Jagannathan and Korajczyk (1986) and Glosten and Jagannathan (1994) show that, while the timing and selection skills of an active fund manager cannot be disentangled, classifying the skill into two types—selection and market timing (or asset allocation)—facilitates assessing the correct value, at the margin, created by the manager; the combined value of timing and asset selection is the crucial variable of interest, and that can be assessed with reasonable precision. While zero-value strategies that involve taking positions in securities with option-like features or mimicking timing skill through frequent rebalancing can show superior performance in one dimension (timing or selection), that performance will come at the expense of poor performance in the other dimension. Properly disentangling selection and performance even when they are spurious allows the investor to measure the net value added by a fund manager more precisely.

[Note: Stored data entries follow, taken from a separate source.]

Lemma dive_inv_branch d nbr0 T p x k T' g : open_ge_OPT T -> branch_at E T p x k T' ->
  g \in bb_open T -> contains_opt g -> (d < size g)%N -> dive_potential d nbr0 T g ->
  dive_inv d nbr0 T'.
Proof.
move=> geT [sel [ox [_ [_ [sbk ->]]]]] gT g_opt dg; rewrite /dive_potential /=.
have [pOPT gp] := selectable_contains_opt geT sel gT g_opt.
have deep_p : deep d p by rewrite /deep pOPT eqxx (leq_trans dg gp).
rewrite (permP (perm_to_rem sel.1)) /= deep_p => pot; right.
have [p_opt|p_nopt] := pselect (contains_opt p).
  have [b cb] := contains_opt_child k p_opt; exists ((k, b) :: p); split=> //=.
  - by case: b {cb}; rewrite !inE eqxx ?orbT.
  - by rewrite ltnS (leq_trans (ltnW dg) gp).
  - rewrite /dive_potential /=; move: (deep d ((k, false) :: p)) (deep d ((k, true) :: p)).
    by move: pot gp; set c := count _ _ => pot gp [] [] /=; lia.
have shallow b : deep d ((k, b) :: p) = false.
  apply/negbTE/negP => /andP[/eqP cOPT _]; apply: p_nopt.
  have px := lpval_lp_opt ox.
  have /eqP s0 : (score p k == 0)%E.
    by rewrite (score_eq0 _ px) -px pOPT; case: b cOPT => ->; rewrite eqxx ?orbT.
  have sk : (score p k <= 0)%E by rewrite s0.
  have [u iu ou] := sb_choice_integral_lp_opt ox sbk sk.
  by exists u => //; split; [exact: ou.1 | rewrite -pOPT (lpval_lp_opt ou)].
exists g; split=> //=; last first.
  by rewrite /dive_potential /= !shallow; move: pot; set c := count _ _; lia.
have gp' : g != p by apply/eqP => gp_eq; apply: p_nopt; rewrite -gp_eq.
by rewrite !inE (rem_mem gp' gT) !orbT.
Qed.

Lemma dive_inv_step d nbr0 T T' : bb_step T T' -> (OPT <= bb_inc T)%E ->
  open_ge_OPT T -> dive_inv d nbr0 T -> dive_inv d nbr0 T'.
Proof.
move=> st OPT_inc geT [found|[g [gT g_opt dg pot]]]; first by left; exact: inc_OPT_step st found.
case: st OPT_inc geT gT pot => [T0 p sel p_inf | T0 p x sel ox _ | T0 p x sel _ _ inc_lt |
  T0 p x k T1 br] OPT_inc geT gT pot; last exact: dive_inv_branch geT br gT g_opt dg pot.
all: have [pOPT _] := selectable_contains_opt geT sel gT g_opt.
- by case: g_opt => u _ [_ uOPT]; move: pOPT; rewrite p_inf -uOPT.
- by left; rewrite /= -pOPT (lpval_lp_opt ox); apply/min_idPr; rewrite -(lpval_lp_opt ox) pOPT.
- by move: inc_lt; rewrite pOPT ltNge OPT_inc.
Qed.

All these performance-evaluation methods assume that security returns have little predictability based on publicly available information. While the literature documenting predictable patterns in stock returns based on publicly available information has become rather large, the practical relevance of the findings is the subject of ongoing debate. In a world where risk premiums can be forecasted with publicly available information, there is a need for performance measures that distinguish between true timing ability and timing through the use of public information. Ferson and Schadt (1996) derive measures that allow us to isolate true skill.